(Text and Audio)
Title: Why Have You Forsaken Me?
Parallel Study
Mark: Identical, except for one small thing, which we will talk about in a moment.
Luke 23:44-46
Now it was about the sixth hour, and there was darkness over all the earth until the ninth hour. Then the sun was darkened, and the veil of the temple was torn in two. And when Jesus had cried out with a loud voice, He said, “Father, ‘into Your hands I commit My spirit.’” Having said this, He breathed His last.
So Luke omits the question of being forsaken, but does add Jesus’s final words, which do signify faith and trust in the Father.
John:
Does not record the “Father, why have you forsaken me” comment. But does note that Jesus does say, “It is finished” after taking the drink of wine, which we will come to in Matthew’s gospel next week.
6th hour to 9th hour darkness.
(Noon until 3PM). This was odd. If it got very dark at noon, you’d know something strange was going on.
Matthew Henry has some great observations about this that I don’t want to miss:
There was darkness epi pasan teµn geµn-(over all the earth); so most interpreters understand it, though our translation confines it to “that land.”
Some of the ancients appealed to the annals of the nation concerning this extraordinary eclipse at the death of Christ, as a thing well known, and which gave notice to those parts of the world of something great then in doing; as the sun’s going back in Hezekiah’s time did.
It is reported that Dionysius, at Heliopolis in Egypt, took notice of this darkness, and said, Aut Deus naturae patitur, aut mundi machina dissolvitur–
This translates to: Either “the God of nature is suffering”, or “the machine of the world is tumbling into ruin.”
An extraordinary light gave intelligence of the birth of Christ (ch. 2:2), and therefore it was proper that an extraordinary darkness should notify his death, for he is the Light of the world
Why have you forsaken me?
This was a reference to David’s Psalm 21:1
My God, my God, why hast thou forsaken me? Why art thou so far from helping me, and from the words of my roaring?
Packer notes:
Jesus’s desolate cry is a fulfillment of Psalm 22:1 showing the depth of His distress as He suffers separation from the Father. Lather the apostles realized that Jesus was enduring the dreadful wrath of God’s judgment on sin. This was all the more agonizing to One whose relationship with the Father was perfect in love. The cry is in Aramaic, except the Hebrew “Eli” Mark gives the Aramaic “Eloi.”
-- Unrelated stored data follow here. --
Lemma deriv_nonneg_of_nondecreasing a b f x l : in_I a b x -> derivable_pt_lim f x l ->
  (forall u v, in_I a b u -> in_I a b v -> u <= v -> f u <= f v) -> 0 <= l.
Proof.
  intros Hx Hd Hmon. apply Rnot_lt_le; intros Hl.
  destruct (Hd (- l)) as [d Hnear]; [lra|].
  destruct (in_I_exists_gt a b x Hx) as [z [Hz Hxz]].
  pose proof (cond_pos d).
  set (h := Rmin (d / 2) (z - x)).
  assert (Hh : 0 < h) by (unfold h, Rmin; destruct Rle_dec; lra).
  assert (Hhz : h <= z - x) by apply Rmin_r.
  assert (Hhd : h <= d / 2) by apply Rmin_l.
  specialize (Hnear h ltac:(lra)). rewrite Rabs_right in Hnear by lra.
  specialize (Hnear ltac:(lra)).
  assert (Hquot : 0 <= (f (x + h) - f x) / h).
  { apply Rmult_le_pos; [|left; apply Rinv_0_lt_compat; lra].
    enough (f x <= f (x + h)) by lra.
    apply Hmon; auto; [apply (in_I_between a b x z); auto|]; lra. }
  apply Rabs_def2 in Hnear. lra.
Qed.

Lemma tends_left_le_of_deriv_nonneg a b f df l t : in_I a b t -> tends_left a b f l ->
  (forall y, in_I a b y -> y <= t -> derivable_pt_lim f y (df y) /\ 0 <= df y) ->
  l <= f t.
Proof.
  intros Ht Hlim Hd. apply (tends_left_le_value a b f l t Ht Hlim).
  intros y Hy Hyt.
  assert (Hseg : forall c, y <= c <= t -> derivable_pt_lim f c (df c) /\ 0 <= df c).
  { intros c Hc. apply Hd; [apply (in_I_between a b y t); auto|]; lra. }
  apply (nondecreasing_of_deriv_nonneg f df); [lra| |]; intros c Hc; apply Hseg; auto.
Qed.

Lemma tends_left_eq_of_deriv_zero a b f l t : in_I a b t -> tends_left a b f l ->
  (forall y, in_I a b y -> derivable_pt_lim f y 0) -> f t = l.
Proof.
  intros Ht Hlim Hd. apply Rle_antisym.
  - enough (- l <= - f t) by lra.
    apply (tends_left_le_of_deriv_nonneg a b (fun y => - f y) (fun _ => - 0));
      [auto|apply tends_left_opp; auto|].
    intros y Hy _. split; [apply derivable_pt_lim_opp; auto|lra].
  - apply (tends_left_le_of_deriv_nonneg a b f (fun _ => 0)); auto.
    intros y Hy _. split; [auto|lra].
Qed.

Section EnergyEstimate.
Variables (a b : option R) (p r dp dr w dw dpw : R -> R) (lam : R).
Let u y := p y * dw y.
Let q y := p y * r y.
Let energy y := lam * (w y * w y) + u y * u y / q y.

Hypothesis pr_pos : forall x, in_I a b x -> 0 < p x /\ 0 < r x.
Hypothesis p_deriv : forall x, in_I a b x -> derivable_pt_lim p x (dp x).
Hypothesis r_deriv : forall x, in_I a b x -> derivable_pt_lim r x (dr x).
Hypothesis q_nondecreasing :
  forall x y, in_I a b x -> in_I a b y -> x <= y -> q x <= q y.
Hypothesis lam_nonneg : 0 <= lam.
Hypothesis w_deriv : forall x, in_I a b x -> derivable_pt_lim w x (dw x).
Hypothesis u_deriv : forall x, in_I a b x -> derivable_pt_lim u x (dpw x).
Hypothesis w_equation : forall x, in_I a b x -> - / r x * dpw x = lam * w x.
Hypothesis w_tends : tends_left a b w 1.
Hypothesis u_tends : tends_left a b u 0.
Lemma climit_dist_le u l c B N : climit u l ->
  (forall m, (N <= m)%nat -> Cmod (Cminus (u m) c) <= B) -> Cmod (Cminus l c) <= B.
Proof.
  intros H HB. apply Rnot_lt_le. intros h.
  destruct (H (Cmod (Cminus l c) - B)) as [N' HN']; [lra|].
  specialize (HN' (max N N') ltac:(lia)). specialize (HB (max N N') ltac:(lia)).
  pose proof (Cmod_minus_triangle l (u (max N N')) c). rewrite Cmod_minus_sym in HN'. lra.
Qed.

Lemma Re_Cminus a b : Re (Cminus a b) = Re a - Re b.
Proof. destruct a, b; unfold Cminus, Cplus, Copp; simpl; ring. Qed.

Lemma Im_Cminus a b : Im (Cminus a b) = Im a - Im b.
Proof. destruct a, b; unfold Cminus, Cplus, Copp; simpl; ring. Qed.

Lemma has_csum_Re a l : has_csum a l -> rlimit (rsum (fun k => Re (a k))) (Re l).
Proof.
  rewrite has_csum_climit. intros H eps He. destruct (H eps He) as [N HN].
  exists N. intros m Hm. rewrite <- psum_Re, <- Re_Cminus.
  eapply Rle_lt_trans; [apply re_le_Cmod | apply (HN m Hm)].
Qed.

Lemma has_csum_Im a l : has_csum a l -> rlimit (rsum (fun k => Im (a k))) (Im l).
Proof.
  rewrite has_csum_climit. intros H eps He. destruct (H eps He) as [N HN].
  exists N. intros m Hm. rewrite <- psum_Im, <- Im_Cminus.
  eapply Rle_lt_trans; [apply Im_le_Cmod | apply (HN m Hm)].
Qed.

Lemma has_csum_ext a b l : (forall k, a k = b k) -> has_csum a l -> has_csum b l.
Proof. intros E H. replace b with a by (apply functional_extensionality; auto). exact H. Qed.

Lemma has_csum_zero : has_csum (fun _ => RtoC 0) (RtoC 0).
Proof.
  apply has_csum_climit. intros eps He. exists 0%nat. intros m _.
  assert (E : psum (fun _ => RtoC 0) m = RtoC 0).
  { induction m as [|m IH]; simpl; [reflexivity|]. rewrite IH. ring. }
  rewrite E. unfold Cminus. rewrite Cplus_opp_r, Cmod_0. lra.
Qed.

Lemma csum_eq a l : has_csum a l -> csum a = l.
Proof.
  intros H. unfold csum. destruct l as [lr li].
  f_equal; apply rlimit_Series; [apply (has_csum_Re a (lr, li)) | apply (has_csum_Im a (lr, li))];
    exact H.
Qed.

Lemma cconv_csum a : cconv a -> has_csum a (csum a).
Proof. intros [l H]. rewrite (csum_eq a l H). auto. Qed.

Definition ccauchy (u : nat -> C) := forall eps, 0 < eps -> exists N, forall m m',
  (N <= m)%nat -> (N <= m')%nat -> Cmod (Cminus (u m) (u m')) < eps.

Lemma ccauchy_climit u : ccauchy u -> exists l, climit u l.
Proof.
  intros H.
  destruct (Rcomplete.R_complete (fun m => Re (u m))) as [lr Hr].
  { intros eps Heps. destruct (H eps Heps) as [N HN]. exists N. intros n m Hn Hm. unfold Rdist.
    rewrite <- Re_Cminus. eapply Rle_lt_trans; [apply re_le_Cmod | apply HN; lia]. }
  destruct (Rcomplete.R_complete (fun m => Im (u m))) as [li Hi].
  { intros eps Heps. destruct (H eps Heps) as [N HN]. exists N. intros n m Hn Hm. unfold Rdist.
    rewrite <- Im_Cminus. eapply Rle_lt_trans; [apply Im_le_Cmod | apply HN; lia]. }
  exists (lr, li). intros eps Heps.
  destruct (Hr (eps/2)) as [N1 H1]; [lra|]. destruct (Hi (eps/2)) as [N2 H2]; [lra|].
  exists (max N1 N2). intros m Hm. eapply Rle_lt_trans; [apply Cmod_le_Rabs_Re_Im|].
  specialize (H1 m ltac:(lia)). specialize (H2 m ltac:(lia)). unfold Rdist in *.
  rewrite Re_Cminus, Im_Cminus. simpl. lra.
Qed.
Lemma NKK_of_NIJ : nij_vanish C K K.
Proof.
move=> X Y.
have r0 := NIJ (I X) (J Y).
have r1 := lin_eq0 linJ (NIJ (I X) Y).
have r2 := lin_eq0 linJ (NIJ X (I Y)).
have r3 := lin_eq0 linK (NIJ (I X) (I Y)).
have r4 := lin_eq0 linI (NIJ (J X) Y).
have r5 := lin_eq0 linI (NIJ X (J Y)).
have r6 := lin_eq0 linK (NIJ (J X) (J Y)).
move: r0 r1 r2 r3 r4 r5 r6; rewrite /nijenhuis; expand Y.
move=> r0 r1 r2 r3 r4 r5 r6.
by use_relation r0 (-2); use_relation r1 (-1); use_relation r2 1;
  use_relation r3 (-1); use_relation r4 1; use_relation r5 (-1);
  use_relation r6 1; zmod_zero.
Qed.

Lemma NJK_of_NIJ : nij_vanish C J K.
Proof.
move=> X Y; have r0 := lin_eq0 linJ (NIJ (J X) (J Y)).
move: r0; rewrite /nijenhuis; expand Y => r0.
by use_relation r0 1; zmod_zero.
Qed.

Lemma NKI_of_NIJ : nij_vanish C K I.
Proof.
move=> X Y; have r0 := lin_eq0 linI (NIJ (I X) (I Y)).
move: r0; rewrite /nijenhuis; expand Y => r0.
by use_relation r0 (-1); zmod_zero.
Qed.

Lemma hypercomplex_of_NIJ : hypercomplex C I J K.
Proof.
split=> //; do !split.
- exact NII_of_NIJ.
- exact NJJ_of_NIJ.
- exact NKK_of_NIJ.
- exact NIJ.
- exact NJK_of_NIJ.
- exact NKI_of_NIJ.
Qed.

End Integrable.

Section GoodConnection.
Variable nab : E -> E -> E.
Hypothesis good : good_connection C I J K nab.

Let nab_addr x y y' : nab x (y + y') = nab x y + nab x y'.
Proof. by case: good => [[]]. Qed.
Let nab_linl f x y : nab (f *: x) y = f *: nab x y.
Proof. by case: good => [[]]. Qed.
Let nabNl x y : nab (- x) y = - nab x y.
Proof. by rewrite -scaleN1r nab_linl scaleN1r. Qed.
Let nabNr x y : nab x (- y) = - nab x y.
Proof.
have nab0 : nab x 0 = 0 by apply: double_eq0; rewrite -nab_addr addr0.
by apply/eqP; rewrite -subr_eq0 opprK -nab_addr addNr nab0.
Qed.
Let nabI x y : nab x (I y) = I (nab x y).
Proof. by case: good => _ parI _ _ _; apply: subr0_eq; apply: parI. Qed.
Let nabJ x y : nab x (J y) = J (nab x y).
Proof. by case: good => _ _ parJ _ _; apply: subr0_eq; apply: parJ. Qed.
Let nabK x y : nab x (K y) = K (nab x y).
Proof. by case: good => _ _ _ parK _; apply: subr0_eq; apply: parK. Qed.

Lemma dorf_from_connection a b :
  dorf a b = nab a b - nab b a + Dop (pairing a b) - star_term a b.
Proof.
case: good => _ _ _ _ /(_ a b) tor.
have dorf_ba : dorf b a = Dop (pairing a b) *+ 2 - dorf a b.
  by rewrite (pairing_sym C a b) -dorf_sym addrK.
have antisym : dorf a b - dorf b a = (dorf a b - Dop (pairing a b)) *+ 2.
  by rewrite dorf_ba; zmod_eq.
rewrite /torsion /courant antisym half_double in tor.
apply: subr0_eq; use_relation (eq_subr0 tor) (-1); rewrite /star_term; zmod_zero.
Qed.

(* Eliminate every Dorfman bracket in favour of nab, then normalize. *)
Ltac expand_nab Y :=
  rewrite !dorf_from_connection /star_term;
  do 6 (expand Y; rewrite ?nabNl ?nabNr ?nabI ?nabJ ?nabK).

Lemma good_NIJ : nij_vanish C I J.
Proof. by move=> X Y; rewrite /nijenhuis; expand_nab Y; zmod_zero. Qed.
Lemma good_NJJ : nij_vanish C J J.
Proof. by move=> X Y; rewrite /nijenhuis; expand_nab Y; zmod_zero. Qed.

Lemma good_eq_nabla0 X Y : nab X Y = nabla0 C I J K X Y.
Proof.
have KB_nab : K (B X Y) = - (nab X Y *+ 2).
  by apply: subr0_eq; rewrite opprK /B; expand_nab Y; zmod_zero.
by rewrite nabla0E KB_nab scalerN opprK half_double.
Qed.
End GoodConnection.
(* Let $R$ be a $*$-ring, let $a\in R$, and let $n\geq 3$ be an integer. Then $a$ is dual core invertible if and only if there exists $c\in R$ such that $a^{\circ}=cR$ and $v=a^{n}a^{*}+cc^{*}$ is invertible. In this case $$a_{\mathrm{core}}=a^{*}v^{-1}a^{n-1}.$$
   Context: A $*$-ring is an associative ring with identity $1$ and an involution $*$, i.e. $(a^* )^*=a$, $(ab)^*=b^*a^*$ and $(a+b)^*=a^*+b^*$. For $a\in R$: $a^{\circ}=\{x\in R : ax=0\}$ and $cR=\{cx : x\in R\}$. An element $a$ is dual core invertible if there is $x\in R$ with $(xa)^*=xa$, $x^2a=x$ and $a^2x=a$. Such an $x$ is unique and denoted $a_{\mathrm{core}}$. ''Invertible'' means having a two-sided inverse in $R$. *)

From HB Require Import structures.
From mathcomp Require Import all_boot all_order all_algebra.
Set Implicit Arguments. Unset Strict Implicit. Unset Printing Implicit Defensive.
Import GRing.Theory.
Local Open Scope ring_scope.

Definition involution (R : nzRingType) (star : R -> R) : Prop :=
  (forall a, star (star a) = a) /\
  (forall a b, star (a * b) = star b * star a) /\
  (forall a b, star (a + b) = star a + star b).

Definition is_dual_core_inverse (R : nzRingType) (star : R -> R) (a x : R) : Prop :=
  star (x * a) = x * a /\ x ^+ 2 * a = x /\ a ^+ 2 * x = a.

Definition dual_core_invertible (R : nzRingType) (star : R -> R) (a : R) : Prop :=
  exists x, is_dual_core_inverse star a x.

Definition rann_eq_principal (R : nzRingType) (a c : R) : Prop :=
  forall y : R, a * y = 0 <-> exists z : R, y = c * z.

From mathcomp Require Import all_boot all_order all_algebra.
Import GRing.Theory.
Local Open Scope ring_scope.

(* Forward: if x is a dual core inverse of a, then p = 1 - xa is a Hermitian
   idempotent with a° = pR, and v = a^n a* + p has the two-sided inverse
   x* (x^n - a* (1 - ax)) + (1 - ax).
   Backward: let w be a left inverse of v = a^n a* + cc*, where ac = 0. Since
   also c*a* = 0, a^(n-1) v* = v a*^(n-1), hence w a^(n-1) = a*^(n-1) w* and
   x := a* w a^(n-1) = a*^n w*. Transposing wv = 1 gives a a*^n w* = 1 - cc*w*,
   whence a^2 x = a; then x^2 a = x because a^(n-1) x = a^(n-2), which is where
   n >= 3 is needed. Uniqueness: any dual core inverse x satisfies xc = 0, so
   v x* x = a^(n-1) and x = (xa)* x = a* (x* x) = a* w a^(n-1). *)

Set Implicit Arguments.
Unset Strict Implicit.
Unset Printing Implicit Defensive.

Lemma exprS_mul_inner (R : nzRingType) (a x : R) (k : nat) :
  a ^+ 2 * x = a -> (0 < k)%N -> a ^+ k.+1 * x = a ^+ k.
Proof.
by case: k => // k aax _; rewrite -(addn2 k) exprD -mulrA aax -exprSr.
Qed.

Lemma rann_principal_mul0 (R : nzRingType) (a c : R) :
  rann_eq_principal a c -> a * c = 0.
Proof. by move=> Hac; apply/Hac; exists 1; rewrite mulr1. Qed.

Section StarRing.

Variables (R : nzRingType) (star : R -> R).
Hypothesis Hstar : involution star.

Lemma starK : involutive star. Proof. by case: Hstar. Qed.

Lemma starM a b : star (a * b) = star b * star a.
Proof. by case: Hstar => _ []. Qed.

Lemma starD a b : star (a + b) = star a + star b.
Proof. by case: Hstar => _ []. Qed.

Lemma star0 : star 0 = 0.
Proof. by apply/(addrI (star 0)); rewrite -starD !addr0. Qed.

Lemma starB a b : star (a - b) = star a - star b.
Proof.
suff starN : star (- b) = - star b by rewrite starD starN.
by apply/(addrI (star b)); rewrite -starD !subrr star0.
Qed.

Lemma star1 : star 1 = 1.
Proof. by have := starM (star 1) 1; rewrite !mulr1 starK mulr1 => <-. Qed.

Lemma starX a k : star (a ^+ k) = star a ^+ k.
Proof. by elim: k => [|k IH]; rewrite ?star1 // exprS starM IH exprSr. Qed.

Section Inverse.

Variables a x : R.
Hypothesis Hx : is_dual_core_inverse star a x.

Lemma dcinv_herm : star (x * a) = x * a. Proof. by case: Hx. Qed.

Lemma dcinv_sq_left : x * x * a = x.
Proof. by case: Hx => _ [xxa _]; rewrite -expr2. Qed.

Lemma dcinv_sq_right : a * a * x = a.
Proof. by case: Hx => _ [_ aax]; rewrite -expr2. Qed.

Lemma dcinv_inner : a * x * a = a.
Proof.
by rewrite -{1}dcinv_sq_right -!mulrA (mulrA x) dcinv_sq_left mulrA dcinv_sq_right.
Qed.

Lemma dcinv_outer : x * a * x = x.
Proof.
by rewrite -{1}dcinv_sq_left -!mulrA (mulrA a) dcinv_sq_right mulrA dcinv_sq_left.
Qed.

Lemma dcinv_herm_mul_star : x * a * star a = star a.
Proof. by rewrite -{1}dcinv_herm -starM mulrA dcinv_inner. Qed.

Lemma dcinv_herm_mul_star_dcinv : x * a * star x = star x.
Proof. by rewrite -{1}dcinv_herm -starM mulrA dcinv_sq_left. Qed.

Lemma star_dcinv_mul_herm : star x * star a * (x * a) = x * a.
Proof.
by rewrite -starM -dcinv_herm -starM mulrA -(mulrA x a) -mulrA dcinv_sq_right.
Qed.

Lemma exp_dcinv_mul_herm k : x ^+ k.+1 * (x * a) = x ^+ k.+1.
Proof. by rewrite exprSr -mulrA (mulrA x) dcinv_sq_left. Qed.

Lemma exp_mul_dcinv k : a ^+ k.+1 * (a * x) = a ^+ k.+1.
Proof. by rewrite exprSr -mulrA (mulrA a) dcinv_sq_right. Qed.

Lemma dcinv_mul_exp k : a * x * a ^+ k.+1 = a ^+ k.+1.
Proof. by rewrite exprS mulrA dcinv_inner. Qed.

Lemma exp_dcinv_mul_exp k : x ^+ k.+1 * a ^+ k.+1 = x * a.
Proof.
elim: k => [|k IH]; first by rewrite !expr1.
by rewrite (exprSr x) (exprS a) mulrA -(mulrA _ x a) exp_dcinv_mul_herm IH.
Qed.

Lemma exp_mul_dcinv_exp k : a ^+ k.+1 * x ^+ k.+1 = a * x.
Proof.
elim: k => [|k IH]; first by rewrite !expr1.
by rewrite (exprSr a) (exprS x) mulrA -(mulrA _ a x) exp_mul_dcinv IH.
Qed.

Lemma rann_dcinv : rann_eq_principal a (1 - x * a).
Proof.
move=> y; split => [ay0 | [z ->]].
  by exists y; rewrite mulrBl mul1r -mulrA ay0 mulr0 subr0.
by rewrite mulrA mulrBr mulr1 mulrA dcinv_inner subrr mul0r.
Qed.

Lemma dcinv_proj_norm : (1 - x * a) * star (1 - x * a) = 1 - x * a.
Proof.
rewrite starB star1 dcinv_herm mulrBr mulr1 mulrBl mul1r.
by rewrite mulrA dcinv_outer subrr subr0.
Qed.

Definition dcinv_vinv k := star x * (x ^+ k.+1 - star a * (1 - a * x)) + (1 - a * x).

Lemma dcinv_mulVv k :
  dcinv_vinv k * (a ^+ k.+1 * star a + (1 - x * a) * star (1 - x * a)) = 1.
Proof.
rewrite dcinv_proj_norm; set v := _ + _.
have xnv : x ^+ k.+1 * v = star a.
  rewrite /v mulrDr mulrA exp_dcinv_mul_exp dcinv_herm_mul_star.
  by rewrite mulrBr mulr1 exp_dcinv_mul_herm subrr addr0.
have qv : (1 - a * x) * v = 1 - x * a.
  rewrite /v mulrDr mulrA mulrBl mul1r dcinv_mul_exp subrr mul0r add0r.
  rewrite mulrBl mul1r mulrBr mulr1 mulrA -(mulrA a x x) -mulrA dcinv_sq_left.
  by rewrite subrr subr0.
rewrite /dcinv_vinv mulrDl qv -mulrA mulrBl xnv -mulrA qv.
rewrite -{1}(mulr1 (star a)) -mulrBr subKr mulrA star_dcinv_mul_herm.
exact: subrKC.
Qed.

Lemma dcinv_mulvV k :
  (a ^+ k.+1 * star a + (1 - x * a) * star (1 - x * a)) * dcinv_vinv k = 1.
Proof.
rewrite dcinv_proj_norm; set v := _ + _.
have vsx : v * star x = a ^+ k.+1.
  rewrite /v mulrDl -mulrA -starM dcinv_herm exprSr -mulrA (mulrA a x) dcinv_inner.
  by rewrite mulrBl mul1r dcinv_herm_mul_star_dcinv subrr addr0.
have vq : v * (1 - a * x) = a ^+ k.+1 * star a * (1 - a * x) + (1 - a * x).
  rewrite /v mulrDl; congr (_ + _).
  rewrite mulrBl mul1r mulrBr mulr1 mulrA -(mulrA x a a) -mulrA dcinv_sq_right.
  by rewrite subrr subr0.
rewrite /dcinv_vinv mulrDr mulrA vsx vq mulrBr exp_mul_dcinv_exp mulrA.
by rewrite addrA subrK addrC subrK.
Qed.

End Inverse.

Section LeftInverse.

Variables (a c w : R) (k : nat).
Hypothesis Hac : a * c = 0.
Hypothesis Hw : w * (a ^+ k.+2 * star a + c * star c) = 1.

Lemma mul_starv_starw : (a * star a ^+ k.+2 + c * star c) * star w = 1.
Proof.
by have := congr1 star Hw; rewrite star1 starM starD (starM (a ^+ _)) starM starX !starK.
Qed.

Lemma inv_intertwine : w * a ^+ k.+1 = star a ^+ k.+1 * star w.
Proof.
have intertwine : a ^+ k.+1 * (a * star a ^+ k.+2 + c * star c) =
                  (a ^+ k.+2 * star a + c * star c) * star a ^+ k.+1.
  have ac0 : a ^+ k.+1 * c = 0 by rewrite exprSr -mulrA Hac mulr0.
  have ca0 : star c * star a ^+ k.+1 = 0 by rewrite -starX -starM ac0 star0.
  rewrite mulrDr mulrDl !mulrA ac0 -(mulrA c) ca0 !(mul0r, mulr0, addr0).
  by rewrite -exprSr -mulrA -exprS.
rewrite -[LHS]mulr1 -mul_starv_starw mulrA -(mulrA w) intertwine.
by rewrite mulrA Hw mul1r.
Qed.

Lemma dcinv_formula x :
  is_dual_core_inverse star a x -> x = star a * w * a ^+ k.+1.
Proof.
move=> Hx.
have xc : x * c = 0 by rewrite -(dcinv_sq_left Hx) -mulrA Hac mulr0.
have vsx : (a ^+ k.+2 * star a + c * star c) * star x = a ^+ k.+2.
  rewrite mulrDl -(mulrA (a ^+ _)) -(mulrA c) -!starM (dcinv_herm Hx) xc star0 mulr0.
  by rewrite addr0 exprSr -mulrA (mulrA a) (dcinv_inner Hx).
have sxx : star x * x = w * a ^+ k.+1.
  have [_ [_ aax]] := Hx.
  by rewrite -(exprS_mul_inner aax) // -vsx -mulrA mulrA Hw mul1r.
by rewrite -(dcinv_outer Hx) -{1}(dcinv_herm Hx) starM -mulrA sxx mulrA.
Qed.

Lemma is_dcinv_formula :
  (0 < k)%N -> is_dual_core_inverse star a (star a * w * a ^+ k.+1).
Proof.
move=> k_gt0; set x := _ * a ^+ k.+1.
have xE : x = star a ^+ k.+2 * star w.
  by rewrite /x -mulrA inv_intertwine mulrA -exprS.
have axE : a * x = 1 - c * (star c * star w).
  by rewrite xE -mul_starv_starw mulrDl !mulrA addrK.
have aax : a ^+ 2 * x = a.
  by rewrite expr2 -mulrA axE mulrBr mulr1 (mulrA a c) Hac mul0r subr0.
split; last split=> //.
  by rewrite starM {1}xE starM starX !starK /x -mulrA -exprSr mulrA.
by rewrite expr2 {1}/x -(mulrA _ (a ^+ k.+1)) (exprS_mul_inner aax) // -mulrA -exprSr.
Qed.

End LeftInverse.

End StarRing.

Theorem theorem2p7 (R : unitRingType) (star : R -> R) (a : R) (n : nat)
  (Hstar : involution star) (Hn : (3 <= n)%N) :
  (dual_core_invertible star a <->
     exists c : R, rann_eq_principal a c /\
       (a ^+ n * star a + c * star c) \is a GRing.unit)
  /\
  (forall c x : R, rann_eq_principal a c ->
     (a ^+ n * star a + c * star c) \is a GRing.unit ->
     is_dual_core_inverse star a x ->
     x = star a * (a ^+ n * star a + c * star c)^-1 * a ^+ n.-1).
Proof.
case: n Hn => [|[|[|k]]] // _.
split; last first.
  move=> c x /rann_principal_mul0 Hac /mulVr Hw Hx.
  exact: (dcinv_formula Hstar Hac Hw Hx).
split=> [[x Hx] | [c [/rann_principal_mul0 Hac /mulVr Hw]]].
  exists (1 - x * a); split; first exact: rann_dcinv Hx.
  apply/unitrP; exists (dcinv_vinv star a x k.+2).
  by rewrite (dcinv_mulVv Hstar Hx) (dcinv_mulvV Hstar Hx).
exact: ex_intro _ _ (is_dcinv_formula Hstar Hac Hw (ltn0Sn k)).
Qed.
I want to ask and answer some very, very difficult questions as we conclude this morning. I will be very transparent with you in offering MY responses to these questions, and as always, if you have a thought or comment, feel free to share it.
Was this a moment of doubt, and therefore sin?
Answer: It was doubt, but doubt is not necessarily sin, it is the dawn of faith. Was this not what Jesus went through in his prayer in the garden.
Note: To have a doubt is not to live in doubt. Living in doubt means you don’t believe, and James speaks to this.
James 1:6-8
6 But let him ask in faith, with no doubting, for he who doubts is like a wave of the sea driven and tossed by the wind. 7 For let not that man suppose that he will receive anything from the Lord; 8 he is a double-minded man, unstable in all his ways.
Was this very question a sin?
Answer: No, it MUST not have been, otherwise, Jesus’s mission has failed.
Was he really forsaken? And if not, is Jesus mistaken? And if Jesus is mistaken, is this not a sin?
Answer: He absolutely, positively WAS forsaken.
Why was he forsaken? Because he had become sin.
Why had he become sin? For you.
(Not “for us”, but “for you”)
Close your eyes with me for a moment. Picture Jesus on the cross. He raises his head, just before giving up his spirit and says, “For you.”